A recent Court of Appeal ruling has determined that the duty on employers to make reasonable adjustments for disabled employees does not extend to making adjustments in respect of disabled persons associated with the employee.
It is well established law that the provisions of the Equality Act 2010 relating to discrimination extend to persons associated with an employee. For example, an employee might claim they have been less favorably treated because they are a primary carer for a disabled child and they are overlooked for promotion because they need to take time off frequently to look after the child. Such a claim may be brought as a direct disability discrimination claim, even though the disability is that of the child rather than the claimant.
The Equality Act 2010 also imposes a duty on employers to consider and make reasonable adjustments for disabled employees.

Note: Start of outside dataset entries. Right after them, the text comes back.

Lemma prod_scale d (P : pred 'I_d) n (k : nat) (S : 'I_d -> {mpoly rat[n.+1]}) :
  (0 < k)%N ->
  \prod_i (if P i then S i else k%:R) = (k ^ d)%:R *: \prod_(i | P i) ((k%:R)^-1 *: S i).
Proof.
move=> k_pos; have kn0 : (k%:R : rat) != 0 by rewrite pnatr_eq0 -lt0n.
transitivity (\prod_i ((k%:R : rat) *: (if P i then (k%:R)^-1 *: S i else 1))).
  apply: eq_bigr => i _; case: ifP => _; last by rewrite scaler_nat.
  by rewrite scalerA mulfV // scale1r.
rewrite scaler_prod prodr_const card_ord -natrX; congr (_ *: _).
by rewrite [RHS]big_mkcond.
Qed.

Section WreathGroup.
Variables d m : nat.
Hypothesis m_pos : (0 < m)%N.

Definition wr_pair (p : {perm 'I_d} * {ffun 'I_d -> {perm 'I_m}}) := wr p.1 p.2.

Lemma wr_pair_inj : injective wr_pair.
Proof.
move=> [s g] [s' g'] /= E.
have Es : s = s'.
  apply/permP => i; have := congr1 (fun t : {perm _} => t (Ordinal m_pos, i)) E.
  by rewrite /= !wrE => -[].
subst s'; congr pair; apply/ffunP => j; apply/permP => y.
have := congr1 (fun t : {perm _} => t (y, s^-1%g j)) E.
by rewrite /= !wrE permKV => -[].
Qed.

Lemma W_image : W d m = wr_pair @: setX [set: {perm 'I_d}] (Holfam d m).
Proof.
apply/setP => t; rewrite inE; apply/existsP/imsetP => [[s /existsP[g /andP[gH /forallP E]]]|].
  exists (s, g); first by rewrite !inE.
  by apply/permP => -[y i]; rewrite /wr_pair /= wrE; apply/eqP/E.
move=> [[s g]]; rewrite !inE /= => gH ->; exists s; apply/existsP; exists g.
by rewrite gH; apply/forallP => -[y i]; rewrite /wr_pair /= wrE.
Qed.
(* Otherwise the ideal generated by [J] and [x] would be a larger ideal disjoint from [F]. *)
Lemma max_ideal_extend (F J : T -> Prop) : filter F -> ideal J ->
  (forall K, ideal K -> (forall x, J x -> K x) -> (forall x, F x -> K x -> False) ->
     forall x, K x -> J x) ->
  forall x, ~ J x -> exists f j, F f /\ J j /\ le f (j \v x).
Proof.
intros hF [J0 [Jdown Jjoin]] hmax x nJx. apply NNPP. intros hno.
set (K := fun z => exists j, J j /\ le z (j \v x)).
apply nJx, (hmax K).
- split; [|split].
  + exists 0'. split; [exact J0|apply le0x].
  + intros a b [j [Jj hb]] hab. exists j. split; [exact Jj|exact (le_trans hab hb)].
  + intros a b [j [Jj ha]] [j' [Jj' hb]]. exists (j \v j'). split; [auto|].
    apply join_lub.
    * apply (le_trans ha). apply join_mono; [apply le_joinl|apply le_refl].
    * apply (le_trans hb). apply join_mono; [apply le_joinr|apply le_refl].
- intros z Jz. exists z. split; [exact Jz|apply le_joinl].
- intros f Ff [j [Jj hf]]. apply hno. exists f, j. auto.
- exists 0'. split; [exact J0|]. rewrite joinC, joinx0. apply le_refl.
Qed.

Lemma max_disjoint_ideal (F I : T -> Prop) : filter F -> ideal I ->
  (forall x, F x -> I x -> False) ->
  exists J, ideal J /\ (forall x, I x -> J x) /\ (forall x, F x -> J x -> False) /\
   prime_filter o (fun x => ~ J x) /\
   (forall K, ideal K -> (forall x, J x -> K x) -> (forall x, F x -> K x -> False) ->
      forall x, K x -> J x).
Proof.
intros hF hI hdis.
set (adm := fun K => ideal K /\ (forall x, I x -> K x) /\ (forall x, F x -> K x -> False)).
destruct (@zorn_subsets _ adm I) as [J [[hJ [hIJ hJF]] hmax]].
- split; [exact hI|split; [auto|exact hdis]].
- exists 0'. apply hI.
- intros C hC hch [X0 CX0]. split; [split; [|split]|split].
  + exists X0. split; [exact CX0|exact (proj1 (proj1 (hC X0 CX0)))].
  + intros x y [X [CX Xy]] hxy. exists X. split; [exact CX|].
    destruct (hC X CX) as [[_ [Xd _]] _]. eauto.
  + intros x y [X [CX Xx]] [Y [CY Yy]]. destruct (hch X Y CX CY) as [h|h].
    * exists Y. split; [exact CY|]. destruct (hC Y CY) as [[_ [_ Yj]] _]. auto.
    * exists X. split; [exact CX|]. destruct (hC X CX) as [[_ [_ Xj]] _]. auto.
  + intros x Ix. exists X0. split; [exact CX0|exact (proj1 (proj2 (hC X0 CX0)) x Ix)].
  + intros x Fx [X [CX Xx]]. exact (proj2 (proj2 (hC X CX)) x Fx Xx).
- assert (hmax' : forall K, ideal K -> (forall x, J x -> K x) ->
    (forall x, F x -> K x -> False) -> forall x, K x -> J x).
  { intros K hK hJK hKF. apply hmax; [split; [exact hK|split; auto]|exact hJK]. }
  exists J. do 4 (split; [auto|]); [|exact hmax'].
  pose proof (extend := max_ideal_extend hF hJ hmax').
  destruct hJ as [J0 [Jdown Jjoin]]. destruct hF as [F1 [Fup Fmeet]].
  split; [|split; [|split; [|split]]].
  + intros J1. exact (hJF 1' F1 J1).
  + intros h; exact (h J0).
  + intros x y nJx hxy Jy. exact (nJx (Jdown x y Jy hxy)).
  + intros x y nJx nJy Jxy.
    destruct (extend x nJx) as [f [j [Ff [Jj hf]]]].
    destruct (extend y nJy) as [f' [j' [Ff' [Jj' hf']]]].
    apply (hJF (f \^ f')); [apply Fmeet; auto|].
    apply Jdown with ((j \v j') \v (x \^ y)); [apply Jjoin; auto|].
    apply (le_trans (meet_mono hf hf')).
    rewrite meetUr. apply join_lub.
    * apply (le_trans (le_meetr _ _)).
      apply (le_trans (le_joinr j j')), le_joinl.
    * rewrite meetC, meetUr. apply join_lub.
      -- apply (le_trans (le_meetr _ _)).
         apply (le_trans (le_joinl j j')), le_joinl.
      -- rewrite meetC. apply le_joinr.
  + intros x y nJ. apply NNPP. intros hn. apply nJ.
    apply Jjoin; apply NNPP; intros h; apply hn; auto.
Qed.
Lemma atom_dist_le {w : seq 'I_N} {y z : R} : atom w y -> atom w z ->
  `|y - z| <= (c N - c 0) * lam ^+ size w.
Proof.
elim/last_ind: w y z => [|w i IH] y z.
  rewrite /atom /= /Xspace /= !in_itv /= expr0 mulr1.
  move=> /andP [y1 y2] /andP [z1 z2].
  by rewrite ler_norml; apply/andP; split; lra.
rewrite atom_rcons size_rcons exprSr mulrA; apply: closure_dist_le.
move=> _ _ [a [Aa Pa] <-] [b [Ab Pb] <-].
apply: le_trans (f_contracting _ _ _ Pa Pb) _.
by rewrite [leRHS]mulrC; exact: ler_wpM2l (IH _ _ Aa Ab).
Qed.

Variables (x : R) (theta : nat -> 'I_N).
Hypothesis x_tilde : in_Xtilde c N f x.
Hypothesis x_itinerary : is_itinerary c N f x theta.

Definition cuts_in (A : set R) : {set 'I_N} :=
  [set k : 'I_N | (0 < k)%N && `[< A (c k) >]]%SET.

Definition lr_visited_set (n : nat) : {set 'I_N} :=
  [set k : 'I_N | (0 < k)%N && `[< lr_visited c N f x n k >]]%SET.

Lemma factor_atom n t : atom (factor theta n t) (iter (t + n) f x).
Proof.
elim: n => [|n IH]; first by rewrite addn0; exact: (x_tilde t).1.
rewrite factorS atom_rcons addnS iterS; apply: subset_closure.
by exists (iter (t + n) f x) => //; split => //; exact: x_itinerary.
Qed.

Lemma followersP {n : nat} {u : seq 'I_N} {i : 'I_N} : size u = n ->
  i \in followers theta n u <->
  exists t, atom u (iter (t + n) f x) /\ piece c N i (iter (t + n) f x).
Proof.
move=> un; rewrite inE; split => [/asboolP [t [tu ti]]|[t [Au Pi]]].
  by exists t; rewrite -tu -ti; split; [exact: factor_atom|exact: x_itinerary].
apply/asboolP; exists t; split.
  by apply: atom_disjoint (factor_atom n t) Au; rewrite size_mkseq un.
exact: piece_disjoint (x_itinerary (t + n)) Pi.
Qed.

Lemma cuts_in_atom_inj n (u v : n.-tuple 'I_N) k :
  k \in cuts_in (atom u) -> k \in cuts_in (atom v) -> u = v.
Proof.
rewrite !inE => /andP [_ /asboolP Au] /andP [_ /asboolP Av].
by apply: val_inj; apply: atom_disjoint Au Av; rewrite !size_tuple.
Qed.

Lemma card_setI_cuts_in_atoms n (B : {set 'I_N}) :
  #|B :&: (\bigcup_(u : n.-tuple 'I_N) cuts_in (atom u))%SET| =
  (\sum_(u : n.-tuple 'I_N) #|B :&: cuts_in (atom u)|)%N.
Proof.
rewrite big_distrr /= card_bigcup_disjoint // => u v k.
by move=> /setIP [_ ku] /setIP [_ kv]; exact: cuts_in_atom_inj ku kv.
Qed.

Lemma nonminimal_followers_sub_cuts n (u : n.-tuple 'I_N) :
  nonminimal (followers theta n u) \subset cuts_in (atom u).
Proof.
apply/fintype.subsetP => k /setIdP [kS /existsP [j /andP [jS jk]]].
have [t [Aj Pj]] := (followersP (size_tuple u)).1 jS.
have [t' [Ak Pk]] := (followersP (size_tuple u)).1 kS.
rewrite inE (leq_ltn_trans (leq0n j) jk); apply/asboolP.
exact: cut_in_interval (atom_is_interval _) jk Aj Pj Ak Pk.
Qed.

Lemma complexity_increment_le n : (complexity_increment theta n <= N.-1)%N.
Proof.
rewrite /complexity_increment -card_ord_gt0.
under eq_bigr do rewrite -card_nonminimal.
apply: (@leq_trans (\sum_(u : n.-tuple 'I_N) #|cuts_in (atom u)|)).
  by apply: leq_sum => u _; exact/subset_leq_card/nonminimal_followers_sub_cuts.
rewrite -card_bigcup_disjoint; last exact: cuts_in_atom_inj.
apply/subset_leq_card/bigcupsP => u _; apply/fintype.subsetP => k.
by rewrite !inE => /andP [].
Qed.

Lemma lr_visited_set_succ n : lr_visited_set n.+1 \subset lr_visited_set n.
Proof.
apply/fintype.subsetP => k; rewrite !inE => /andP [k0 /asboolP vis].
rewrite k0 /=.
move: vis => [A [[[w [Aw _]] [t0 At0]] Ack [t [At Pt]] [t' [At' Pt']]]].
case: w Aw => [[|i s] //= sz] Aw.
have sub : A `<=` atom s by rewrite -Aw; exact: atom_cons.
apply/asboolP; exists (atom s); split.
- split; last by exists t0.+1; rewrite addSnnS; exact: sub.
  exists (@Tuple n _ s sz); split => //.
  by exists (iter (t0 + n.+1) f x); exact: sub.
- exact: sub.
- by exists t.+1; rewrite addSnnS; split => //; exact: sub.
- by exists t'.+1; rewrite addSnnS; split => //; exact: sub.
Qed.

Lemma lr_visited_set_cover n :
  lr_visited_set n \subset (\bigcup_(u : n.-tuple 'I_N) cuts_in (atom u))%SET.
Proof.
apply/fintype.subsetP => k; rewrite inE => /andP [k0 /asboolP [A]].
move=> [[[w [<- _]] _] Ack _ _]; apply/bigcupP; exists w => //.
by rewrite inE k0; apply/asboolP.
Qed.

Lemma lr_cuts_sub_nonminimal n (u : n.-tuple 'I_N) :
  lr_visited_set n :&: cuts_in (atom u) \subset
    nonminimal (followers theta n u).
Proof.
apply/fintype.subsetP => k /setIP [].
rewrite [k \in lr_visited_set n]inE [k \in cuts_in _]inE.
move=> /andP [k0 /asboolP [A [[[w [<- _]] _] Awk [t [At Pt]] [t' [At' Pt']]]]].
move=> /andP [_ /asboolP Auk].
have wu : w = u.
  by apply: val_inj; apply: atom_disjoint Awk Auk; rewrite !size_tuple.
subst w; pose j := Ordinal (leq_ltn_trans (leq_pred k) (ltn_ord k)).
have kS : k \in followers theta n u.
  by apply/(followersP (size_tuple u)); exists t'.
have jS : j \in followers theta n u.
  by apply/(followersP (size_tuple u)); exists t.
rewrite inE kS; apply/existsP; exists j; rewrite jS /=.
by rewrite prednK.
Qed.

Lemma nonminimal_followers_sub_lr n (u : n.-tuple 'I_N) :
  (forall m : 'I_N, (c N - c 0) * lam ^+ n <= c m.+1 - c m) ->
  nonminimal (followers theta n u) \subset lr_visited_set n.
Proof.
move=> small; apply/fintype.subsetP => k k_nonmin.
have /(fintype.subsetP (nonminimal_followers_sub_cuts _ u)) := k_nonmin.
rewrite inE => /andP [k0 /asboolP Auk].
move: k_nonmin => /setIdP [kS /existsP [j /andP [jS jk]]].
have [t [Aj Pj]] := (followersP (size_tuple u)).1 jS.
have [t' [Ak Pk]] := (followersP (size_tuple u)).1 kS.
(* Otherwise a whole piece would lie between the two orbit points, and that
   piece is longer than the atom containing them. *)
have kj : k.-1 = j.
  apply/eqP; rewrite -eqSS prednK // eqn_leq jk andbT leqNgt; apply/negP => jk2.
  have := pieces_apart jk2 Pj Pk.
  have := small (Ordinal (ltn_trans jk2 (ltn_ord k))).
  have := atom_dist_le Ak Aj; rewrite size_tuple ler_norml => /andP [_ ?]; lra.
rewrite inE k0; apply/asboolP; exists (atom u); split => //.
- by split; [exists u; split => //; exists (iter (t + n) f x)|exists t].
- by exists t; rewrite kj.
- by exists t'.
Qed.

Lemma card_lr_visited_le_increment n :
  (#|lr_visited_set n| <= complexity_increment theta n)%N.
Proof.
rewrite -(finset.setIidPl (lr_visited_set_cover n)) card_setI_cuts_in_atoms.
apply: leq_sum => u _; rewrite -card_nonminimal.
exact/subset_leq_card/lr_cuts_sub_nonminimal.
Qed.

Lemma increment_le_card_lr_visited n :
  (forall m : 'I_N, (c N - c 0) * lam ^+ n <= c m.+1 - c m) ->
  (complexity_increment theta n <= #|lr_visited_set n|)%N.
Proof.
move=> small; rewrite /complexity_increment.
apply: (@leq_trans
  (\sum_(u : n.-tuple 'I_N) #|lr_visited_set n :&: cuts_in (atom u)|)).
  apply: leq_sum => u _.
  rewrite -card_nonminimal subset_leq_card // finset.subsetI.
  by rewrite nonminimal_followers_sub_lr // nonminimal_followers_sub_cuts.
by rewrite -card_setI_cuts_in_atoms subset_leq_card // finset.subsetIl.
Qed.

Lemma atoms_eventually_small : \forall n \near \oo,
  forall m : 'I_N, (c N - c 0) * lam ^+ n <= c m.+1 - c m.
Proof.
apply: filter_forall => m.
have gap : 0 < c m.+1 - c m by rewrite subr_gt0 c_incr.
have lam_norm : `|lam| < 1 by rewrite ger0_norm.
have geo := cvgr0_norm_le _ (cvg_geometric (c N - c 0) lam_norm) _ gap.
apply: filterS (geo _) => n; exact: le_trans (ler_norm _).
Qed.

Lemma card_Delta_lr_le n : (0 < n)%N ->
  (card_Delta_lr c N f x <= #|lr_visited_set n|)%N.
Proof.
move=> n0; apply: subset_leq_card; apply/fintype.subsetP => k.
move=> /set_mem /andP [k0 /asboolP vis].
by rewrite inE k0; apply/asboolP; exact: vis.
Qed.

Lemma lr_visited_set_eventually : \forall n \near \oo,
  #|lr_visited_set n| = card_Delta_lr c N f x.
Proof.
have cap :=
  @decreasing_sets_eventually_cap _ lr_visited_set lr_visited_set_succ.
apply: filterS cap => n ->.
apply: eq_card => k; rewrite inE; apply/asboolP/idP => [vis|].
  have := vis 1%N; rewrite inE => /andP [k0 _].
  apply/mem_set/andP; split => //; apply/asboolP => m _.
  by have := vis m; rewrite inE => /andP [_ /asboolP].
move=> /set_mem /andP [k0 /asboolP vis] [|m]; last first.
  by rewrite inE k0; apply/asboolP; exact: vis.
apply: (fintype.subsetP (lr_visited_set_succ 0)).
by rewrite inE k0; apply/asboolP; exact: vis.
Qed.

Lemma increment_eventually_card_Delta_lr : \forall n \near \oo,
  complexity_increment theta n = card_Delta_lr c N f x.
Proof.
near=> n; apply/eqP; rewrite eqn_leq; apply/andP; split.
  have <- : #|lr_visited_set n| = card_Delta_lr c N f x.
    by near: n; exact: lr_visited_set_eventually.
  apply: increment_le_card_lr_visited.
  by near: n; exact: atoms_eventually_small.
apply: leq_trans (card_lr_visited_le_increment n).
by apply: card_Delta_lr_le; near: n; exists 1%N.
Unshelve. all: by end_near.
Qed.

End PiecewiseContractingMap.

Theorem theorem2 (R : realType) (N : nat) (c : nat -> R) (f : R -> R)
    (x : R) (theta : nat -> 'I_N) :
  (2 <= N)%N ->
  (forall k : nat, (k < N)%N -> c k < c k.+1) ->
  piecewise_contracting c N f ->
  separation c N f ->
  in_Xtilde c N f x ->
  is_itinerary c N f x theta ->
  exists m0 : nat, (1 <= m0)%N /\
    exists beta : int,
      [/\ (forall n : nat, (m0 <= n)%N ->
             (complexity N theta n)%:Z = (n * card_Delta_lr c N f x)%:Z + beta),
           (complexity N theta 1)%:Z - (card_Delta_lr c N f x)%:Z <= beta &
           beta <= (complexity N theta 1)%:Z - (N.-1)%:Z
                   + m0%:Z * ((N.-1)%:Z - (card_Delta_lr c N f x)%:Z)].
Proof.
move=> _ c_incr [f_maps_X _ [lam [lam_gt0 lam_lt1 f_contracting]]].
move=> [fi [fi_ext fi_inj fi_disj]] x_tilde x_itinerary.
have lam_ge0 := ltW lam_gt0.
apply: (@eventually_affine (complexity N theta) (complexity_increment theta)).
- exact: complexity_succ.
- move=> n n_gt0; apply/andP; split.
    eapply leq_trans; first by eapply card_Delta_lr_le; eassumption.
    by eapply card_lr_visited_le_increment; eassumption.
  by eapply complexity_increment_le; eassumption.
- by eapply increment_eventually_card_Delta_lr; eassumption.
Qed.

In the case of Hainsworth v Ministry of Defence the Court of Appeal was asked to consider whether the duty to make reasonable adjustments should extend to disabled persons associated with an employee. The facts of this case were that Mrs Hainsworth was employed by the Ministry of Defence abroad and requested a transfer to the UK so her daughter with Down’s Syndrome could attend specialist education. The request was refused and Mrs Hainsworth argued her employer had failed in its duty to make reasonable adjustments.
The Court of Appeal held that it is clear the duty to make reasonable adjustments contained within the Equality Act 2010 extends only to disabled employees or prospective employees. The “associated person” elements of disability discrimination legislation are not reflected in the provisions relating to reasonable adjustments.